↓
(** Since [node_poly] has zero mean, only the oscillation of the weight over the element
    contributes, and the weight is Lipschitz away from [p]. *)
Lemma node_moment_far al d : 0 < d -> e <= d -> (forall x, al <= x <= al + h -> d <= Rabs (p - x)) ->
  Rabs (node_moment al) <= h ^ 5 / 16 * g * Rpower d (-(g+1)).
Proof.
  intros Hd Hed Hdist.
  set (c := al + h / 2). set (wc := tweight p g e c).
  assert (E : node_moment al = RInt (fun x => node_poly al h x * (tweight p g e x - wc)) al (al + h)).
  { unfold node_moment.
    replace (RInt (fun x => node_poly al h x * (tweight p g e x - wc)) al (al + h)) with
      (RInt (fun x => node_poly al h x * tweight p g e x) al (al + h)
       - wc * RInt (node_poly al h) al (al + h)).
    { rewrite RInt_node_poly, Rmult_0_r, Rminus_0_r. reflexivity. }
    rewrite <- RInt_scalR, <- RInt_minusR by
      (apply ex_RInt_Rcont; try apply Rcont_scal;
       first [apply Rcont_node_poly_tweight| apply Rcont_node_poly]).
    apply RInt_extR. intros; ring. }
  rewrite E.
  replace (h ^ 5 / 16 * g * Rpower d (-(g+1))) with
    ((al + h - al) * (h ^ 3 / 8 * (g * Rpower d (-(g+1)) * (h / 2)))) by field.
  apply RInt_abs_le_const. lra.
  { apply Rcont_mult. apply Rcont_node_poly. apply Rcont_minus. apply Rcont_tweight; auto.
    apply Rcont_const. }
  intros x Hx. rewrite Rabs_mult. apply Rmult_le_compat; try apply Rabs_pos.
  apply node_poly_bound; auto.
  assert (d <= Rabs (p - c)) by (apply Hdist; unfold c; lra).
  pose proof (Hdist x Hx).
  unfold wc. rewrite !tweight_eq by lra.
  eapply Rle_trans. apply (Rpower_opp_lipschitz g d); lra.
  apply Rmult_le_compat_l. apply Rmult_le_pos. lra. apply Rlt_le, Rpower_pos.
  eapply Rle_trans. apply Rabs_triang_inv2.
  replace (p - x - (p - c)) with (c - x) by ring. unfold c. apply Rabs_le. lra.
Qed.

Lemma node_moment_mirror al : node_moment (2 * p - al - h) = - node_moment al.
Proof.
  set (al' := 2 * p - al - h).
  set (f := fun x => node_poly al' h x * tweight p g e x).
  assert (Hc := RInt_comp_lin f (-1) (2 * p) al (al + h)
                  (ex_RInt_Rcont _ _ _ (Rcont_node_poly_tweight al'))).
  replace (-1 * al + 2 * p) with (al' + h) in Hc by (unfold al'; ring).
  replace (-1 * (al + h) + 2 * p) with al' in Hc by (unfold al'; ring).
  change (RInt f al' (al' + h) = - node_moment al).
  rewrite <- (opp_RInt_swap f) by apply ex_RInt_Rcont, Rcont_node_poly_tweight.
  rewrite <- Hc. unfold node_moment. simpl. unfold opp; simpl. f_equal.
  apply RInt_extR. intros x _. unfold f. change (scal (-1) ?z) with ((-1) * z).
  replace (-1 * x + 2 * p) with (2 * p - x) by ring. rewrite tweight_mirror.
  unfold node_poly, al'. field.
Qed.

(** The factor [d] compensates the [d^(-(g+1))] of [node_moment_far], and the weight
    on the element is at least [(3d)^(-g)]. *)
Lemma node_moment_far_weighted al d : h / 2 <= d -> e <= d ->
  (forall x, al <= x <= al + h -> d <= Rabs (p - x) <= 3 * d) ->
  d * Rabs (node_moment al) <= 3 / 16 * h ^ 4 * RInt (tweight p g e) al (al + h).
Proof.
  intros Hd Hed Hdist.
  pose proof (node_moment_far al d ltac:(lra) Hed (fun x Hx => proj1 (Hdist x Hx))) as TB.
  assert (Low : h * Rpower (3 * d) (-g) <= RInt (tweight p g e) al (al + h)).
  { apply tweight_int_ge; try lra. intros x Hx. apply Hdist; auto. }
  rewrite <- Rpower_mult_distr in Low by lra.
  assert (Dg : d * Rpower d (-(g+1)) = Rpower d (-g)).
  { rewrite <- (Rpower_1 d) at 1 by lra. rewrite <- Rpower_plus. f_equal; ring. }
  assert (R3 : g * Rpower 3 g <= 3).
  { assert (Rpower 3 g <= 3) by (rewrite <- (Rpower_1 3) at 2 by lra; apply Rle_Rpower; lra).
    pose proof (Rpower_pos 3 g). nra. }
  pose proof (Rpower_pos 3 (-g)). pose proof (Rpower_pos d (-g)).
  assert (0 <= h ^ 4) by (apply pow_le; lra).
  apply Rle_trans with (d * (h ^ 5 / 16 * g * Rpower d (-(g+1)))).
  { apply Rmult_le_compat_l; lra. }
  replace (d * (h ^ 5 / 16 * g * Rpower d (-(g+1)))) with
    (h ^ 4 / 16 * (g * Rpower 3 g) * (h * (Rpower 3 (-g) * Rpower d (-g)))).
  2:{ rewrite <- Dg, (Rpower_Ropp 3 g). field. apply Rgt_not_eq, Rpower_pos. }
  assert (0 <= h * (Rpower 3 (-g) * Rpower d (-g))) by (apply Rmult_le_pos; [lra| apply Rmult_le_pos; lra]).
  apply Rle_trans with (h ^ 4 / 16 * 3 * (h * (Rpower 3 (-g) * Rpower d (-g)))).
  { apply Rmult_le_compat_r; auto. apply Rmult_le_compat_l; lra. }
  replace (3 / 16 * h ^ 4 * RInt (tweight p g e) al (al + h))
    with (h ^ 4 / 16 * 3 * RInt (tweight p g e) al (al + h)) by field.
  apply Rmult_le_compat_l; lra.
Qed.

Lemma node_moment_dist_bound al : e <= h / 2 ->
  Rabs (al + h / 2 - p) * Rabs (node_moment al) <= h ^ 4 / 2 * RInt (tweight p g e) al (al + h).
Proof.
  intros Heh. set (c := al + h / 2).
  assert (IW : 0 <= RInt (tweight p g e) al (al + h)).
  { apply RInt_ge0. lra. apply Rcont_tweight; auto. intros; apply Rlt_le, tweight_pos. }
  pose proof (pow_le h 4 ltac:(lra)). pose proof (Rabs_pos (node_moment al)).
  destruct (Rlt_dec (Rabs (c - p)) h) as [Hn|Hn].
  - pose proof (node_moment_near al) as Hnear.
    apply Rle_trans with (h * (h ^ 3 / 8 * RInt (tweight p g e) al (al + h))).
    { apply Rmult_le_compat; try apply Rabs_pos; lra. }
    replace (h * (h ^ 3 / 8 * RInt (tweight p g e) al (al + h)))
      with (h ^ 4 / 8 * RInt (tweight p g e) al (al + h)) by field.
    apply Rmult_le_compat_r; auto. lra.
  - set (d := Rabs (c - p) - h / 2).
    assert (Dist : forall x, al <= x <= al + h -> d <= Rabs (p - x) <= 3 * d).
    { intros x Hx. assert (Rabs (c - x) <= h / 2) by (apply Rabs_le; unfold c; lra).
      pose proof (Rabs_triang (p - x) (x - c)). pose proof (Rabs_triang (p - c) (c - x)).
      replace (p - x + (x - c)) with (-(c - p)) in H2 by ring.
      replace (p - c + (c - x)) with (p - x) in H3 by ring.
      rewrite Rabs_Ropp, (Rabs_minus_sym x c) in H2. rewrite (Rabs_minus_sym p c) in H3.
      unfold d. lra. }
    pose proof (node_moment_far_weighted al d ltac:(unfold d; lra) ltac:(unfold d; lra) Dist).
    assert (Rabs (c - p) <= 2 * d) by (unfold d; lra).
    apply Rle_trans with (2 * (d * Rabs (node_moment al))).
    { rewrite <- Rmult_assoc. apply Rmult_le_compat_r; lra. }
    nra.
Qed.

End NodeMoment.

(** * The one-dimensional estimate *)

Section Interp1D.
Variables (a b g : R) (f : nat -> R -> R) (K3 K4 : R).
Hypothesis (Hab : a < b) (Hg : 0 < g < 1) (Hf : smooth4_on a b f)
           (HK3 : forall t, a <= t <= b -> Rabs (f 3%nat t) <= K3)
           (HK4 : forall t, a <= t <= b -> Rabs (f 4%nat t) <= K4).

Let K4_ge0 : 0 <= K4 := smooth4_bound_ge0 a b f K4 Hab HK4.

(** The cubic Taylor polynomial at the midpoint is interpolated with error exactly
    [f3/6 * node_poly]; the Taylor remainder, of size [K4 (h/2)^4] at the four points involved,
    gives the rest. *)
Lemma local_interp_taylor al h x : 0 < h -> a <= al -> al + h <= b -> al <= x <= al + h ->
  let t := (x - al) / h in
  Rabs (f 0%nat x - (f 0%nat al * lagr0 t + f 0%nat (al + h / 2) * lagr1 t + f 0%nat (al + h) * lagr2 t)
        - f 3%nat (al + h / 2) / 6 * node_poly al h x) <= K4 * h ^ 4 / 4.
Proof.
  intros Hh Ha Hb Hx t.
  set (c := al + h / 2).
  set (P := fun y => f 0%nat c + f 1%nat c * (y - c) + f 2%nat c / 2 * (y - c) ^ 2
                     + f 3%nat c / 6 * (y - c) ^ 3).
  set (Rm := fun y => f 0%nat y - P y).
  assert (Hxt : x = al + t * h) by (unfold t; field; lra).
  assert (Ht : 0 <= t <= 1).
  { unfold t; split. apply Rmult_le_pos. lra. apply Rlt_le, Rinv_0_lt_compat; auto.
    apply (Rmult_le_reg_r h); auto. unfold Rdiv. rewrite Rmult_assoc, Rinv_l by lra. lra. }
  assert (Id : P x - (P al * lagr0 t + P c * lagr1 t + P (al + h) * lagr2 t)
               = f 3%nat c / 6 * node_poly al h x).
  { rewrite Hxt. unfold P, c, lagr0, lagr1, lagr2, node_poly. field. }
  assert (RB : forall y, al <= y <= al + h -> Rabs (Rm y) <= K4 * (h / 2) ^ 4).
  { intros y Hy. unfold Rm, P.
    eapply Rle_trans. apply (taylor_order4 a b f K4 Hab Hf HK4 c y); unfold c; lra.
    apply Rmult_le_compat_l; auto. apply pow_incr. split. apply Rabs_pos.
    apply Rabs_le. unfold c; lra. }
  replace (f 0%nat x - (f 0%nat al * lagr0 t + f 0%nat c * lagr1 t + f 0%nat (al + h) * lagr2 t)
           - f 3%nat c / 6 * node_poly al h x)
    with (Rm x - (Rm al * lagr0 t + Rm c * lagr1 t + Rm (al + h) * lagr2 t))
    by (unfold Rm; rewrite <- Id; ring).
  destruct (lagr_bounds t Ht) as [L0b [L1b L2b]].
  pose proof (RB x Hx). pose proof (RB al ltac:(lra)). pose proof (RB c ltac:(unfold c; lra)).
  pose proof (RB (al + h) ltac:(lra)).
  assert (Hq : 0 <= K4 * (h / 2) ^ 4) by (apply Rmult_le_pos; [auto| apply pow_le; lra]).
  assert (Prod : forall r l, Rabs r <= K4 * (h / 2) ^ 4 -> Rabs l <= 1 ->
                   Rabs (r * l) <= K4 * (h / 2) ^ 4).
  { intros r l Hr Hl. rewrite Rabs_mult. pose proof (Rabs_pos r). pose proof (Rabs_pos l). nra. }
  pose proof (Prod _ _ H0 L0b). pose proof (Prod _ _ H1 L1b). pose proof (Prod _ _ H2 L2b).
  eapply Rle_trans. apply Rabs_triang. rewrite Rabs_Ropp.
  eapply Rle_trans. apply Rplus_le_compat_l, Rabs_triang.
  eapply Rle_trans. apply Rplus_le_compat_l, Rplus_le_compat_r, Rabs_triang.
  replace (K4 * h ^ 4 / 4) with (4 * (K4 * (h / 2) ^ 4)) by field. lra.
Qed.

Variables (M : nat) (h p e : R).
Hypothesis (HM : (1 <= M)%nat) (Hh : 0 < h) (HbM : b = a + INR M * h) (Hp : a <= p <= b)
           (He : 0 < e <= h / 2).

Definition interp_err (x : R) := f 0%nat x - quad_interp a h M (fun l => f 0%nat (hnode a h l)) x.

Lemma interp_err_cont : cont_within a b interp_err.
Proof.
  unfold interp_err. apply cont_within_minus. apply (proj1 Hf); lia.
  rewrite HbM. apply quad_interp_cont; auto.
Qed.

Lemma interp_err_on_elem k x : (k < M)%nat -> a + INR k * h <= x <= a + INR k * h + h ->
  let t := (x - (a + INR k * h)) / h in
  interp_err x = f 0%nat x - (f 0%nat (a + INR k * h) * lagr0 t + f 0%nat (a + INR k * h + h / 2) * lagr1 t
                              + f 0%nat (a + INR k * h + h) * lagr2 t).
Proof.
  intros Hk Hx t. unfold interp_err. f_equal.
  assert (Hxt : x = a + (INR k + t) * h) by (unfold t; field; lra).
  assert (Ht : 0 <= t <= 1).
  { unfold t; split. apply Rmult_le_pos. lra. apply Rlt_le, Rinv_0_lt_compat; auto.
    apply (Rmult_le_reg_r h); auto. unfold Rdiv. rewrite Rmult_assoc, Rinv_l by lra. lra. }
  rewrite Hxt at 1. rewrite quad_interp_on_elem by auto. unfold hnode, node.
  replace (a + INR (2 * k) / 2 * h) with (a + INR k * h) by (rewrite mult_INR; simpl; field).
  replace (a + INR (2 * k + 1) / 2 * h) with (a + INR k * h + h / 2)
    by (rewrite plus_INR, mult_INR; simpl; field).
  replace (a + INR (2 * k + 2) / 2 * h) with (a + INR k * h + h)
    by (rewrite plus_INR, mult_INR; simpl; field).
  reflexivity.
Qed.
↑
__Exercise details__:
Each line above that carries the string "Hypothesis" has to be returned.

__Task solution__:
Hypothesis (Hab : a < b) (Hg : 0 < g < 1) (Hf : smooth4_on a b f)
Hypothesis (HM : (1 <= M)%nat) (Hh : 0 < h) (HbM : b = a + INR M * h) (Hp : a <= p <= b)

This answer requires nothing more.